Stored data entries:
*** Begin section ***

(* P and Q hold at no two points at distance <= 4, so each spoils at most two
   of the five windows. *)
Lemma free_window (P Q : nat -> bool) :
  (forall i k, (i < k <= minn (i + 4) 5)%N -> ~~ (P i && P k)) ->
  (forall i k, (i < k <= minn (i + 4) 5)%N -> ~~ (Q i && Q k)) ->
  exists2 j, (j <= 4)%N & ~~ [|| P j, P j.+1, Q j | Q j.+1].
Proof.
have close_pairs R : (forall i k, (i < k <= minn (i + 4) 5)%N -> ~~ (R i && R k)) ->
    all (fun ik => ~~ (R ik.1 && R ik.2))
      [seq (i, k) | i <- iota 0 6, k <- iota i.+1 (minn 4 (5 - i))].
  move=> sparse_R; apply/allP => _ /allpairsPdep[i [k [+ + ->]]].
  by rewrite !mem_iota => ? ? /=; apply: sparse_R; lia.
move=> /close_pairs sparse_P /close_pairs sparse_Q.
suff /hasP[j]: has (fun j => ~~ [|| P j, P j.+1, Q j | Q j.+1]) (iota 0 5).
  by rewrite mem_iota => /andP[_ lt_j5]; exists j.
move: sparse_P sparse_Q => /=.
by case: (P 0); case: (P 1); case: (P 2); case: (P 3); case: (P 4); case: (P 5) => //= _;
  case: (Q 0); case: (Q 1); case: (Q 2); case: (Q 3); case: (Q 4); case: (Q 5).
Qed.

Lemma free_window_mulrn (G : zmodType) (a p q : G) :
  (forall k, (0 < k < 5)%N -> a *+ k != 0) ->
  exists2 j, (j <= 4)%N &
    [&& p + a *+ j != 0, p + a *+ j.+1 != 0, q + a *+ j != 0 & q + a *+ j.+1 != 0].
Proof.
move=> a_small.
have sparse r i k : (i < k <= minn (i + 4) 5)%N ->
    ~~ ((r + a *+ i == 0) && (r + a *+ k == 0)).
  move=> lt_ik; apply/andP => -[/eqP ri /eqP rk].
  have /eqP[] := a_small (k - i)%N ltac:(lia).
  by rewrite -[k](subnKC (ltnW (proj1 (andP lt_ik)))) mulrnDr addrA ri add0r in rk.
have [j le_j4] := free_window (sparse p) (sparse q).
by rewrite !negb_or => /and4P[]; exists j => //; apply/and4P.
Qed.

Lemma minus1_indep4 m (d1 d2 d3 d4 : 'I_m.+1) :
  d1 != 0 -> d2 != 0 -> d3 != 0 -> d4 != 0 ->
  d1 + d2 != 0 -> d1 + d3 != 0 -> d1 + d4 != 0 -> d2 + d3 != 0 ->
  d2 + d4 != 0 -> d3 + d4 != 0 -> d1 + (d2 + d3) != 0 ->
  d1 + (d2 + d4) != 0 -> d1 + (d3 + d4) != 0 -> d2 + (d3 + d4) != 0 ->
  d1 + (d2 + (d3 + d4)) != 0 -> ~ minus1_dep [:: d1; d2; d3; d4].
Proof.
move=> *; case=> t [size_t has_t]; case: t size_t has_t => [|t1 [|t2 [|t3 [|t4 []]]]] //= _.
by case: t1; case: t2; case: t3; case: t4 => //= _;
  rewrite !big_cons big_nil ?addr0 => /eqP; apply/negP.
Qed.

*** End section ***

# [What is expected]
Copy down the whole of the data above, matching it exactly.

# [Problem solution]
(* P and Q hold at no two points at distance <= 4, so each spoils at most two
   of the five windows. *)
Lemma free_window (P Q : nat -> bool) :
  (forall i k, (i < k <= minn (i + 4) 5)%N -> ~~ (P i && P k)) ->
  (forall i k, (i < k <= minn (i + 4) 5)%N -> ~~ (Q i && Q k)) ->
  exists2 j, (j <= 4)%N & ~~ [|| P j, P j.+1, Q j | Q j.+1].
Proof.
have close_pairs R : (forall i k, (i < k <= minn (i + 4) 5)%N -> ~~ (R i && R k)) ->
    all (fun ik => ~~ (R ik.1 && R ik.2))
      [seq (i, k) | i <- iota 0 6, k <- iota i.+1 (minn 4 (5 - i))].
  move=> sparse_R; apply/allP => _ /allpairsPdep[i [k [+ + ->]]].
  by rewrite !mem_iota => ? ? /=; apply: sparse_R; lia.
move=> /close_pairs sparse_P /close_pairs sparse_Q.
suff /hasP[j]: has (fun j => ~~ [|| P j, P j.+1, Q j | Q j.+1]) (iota 0 5).
  by rewrite mem_iota => /andP[_ lt_j5]; exists j.
move: sparse_P sparse_Q => /=.
by case: (P 0); case: (P 1); case: (P 2); case: (P 3); case: (P 4); case: (P 5) => //= _;
  case: (Q 0); case: (Q 1); case: (Q 2); case: (Q 3); case: (Q 4); case: (Q 5).
Qed.

Lemma free_window_mulrn (G : zmodType) (a p q : G) :
  (forall k, (0 < k < 5)%N -> a *+ k != 0) ->
  exists2 j, (j <= 4)%N &
    [&& p + a *+ j != 0, p + a *+ j.+1 != 0, q + a *+ j != 0 & q + a *+ j.+1 != 0].
Proof.
move=> a_small.
have sparse r i k : (i < k <= minn (i + 4) 5)%N ->
    ~~ ((r + a *+ i == 0) && (r + a *+ k == 0)).
  move=> lt_ik; apply/andP => -[/eqP ri /eqP rk].
  have /eqP[] := a_small (k - i)%N ltac:(lia).
  by rewrite -[k](subnKC (ltnW (proj1 (andP lt_ik)))) mulrnDr addrA ri add0r in rk.
have [j le_j4] := free_window (sparse p) (sparse q).
by rewrite !negb_or => /and4P[]; exists j => //; apply/and4P.
Qed.

Lemma minus1_indep4 m (d1 d2 d3 d4 : 'I_m.+1) :
  d1 != 0 -> d2 != 0 -> d3 != 0 -> d4 != 0 ->
  d1 + d2 != 0 -> d1 + d3 != 0 -> d1 + d4 != 0 -> d2 + d3 != 0 ->
  d2 + d4 != 0 -> d3 + d4 != 0 -> d1 + (d2 + d3) != 0 ->
  d1 + (d2 + d4) != 0 -> d1 + (d3 + d4) != 0 -> d2 + (d3 + d4) != 0 ->
  d1 + (d2 + (d3 + d4)) != 0 -> ~ minus1_dep [:: d1; d2; d3; d4].
Proof.
move=> *; case=> t [size_t has_t]; case: t size_t has_t => [|t1 [|t2 [|t3 [|t4 []]]]] //= _.
by case: t1; case: t2; case: t3; case: t4 => //= _;
  rewrite !big_cons big_nil ?addr0 => /eqP; apply/negP.
Qed.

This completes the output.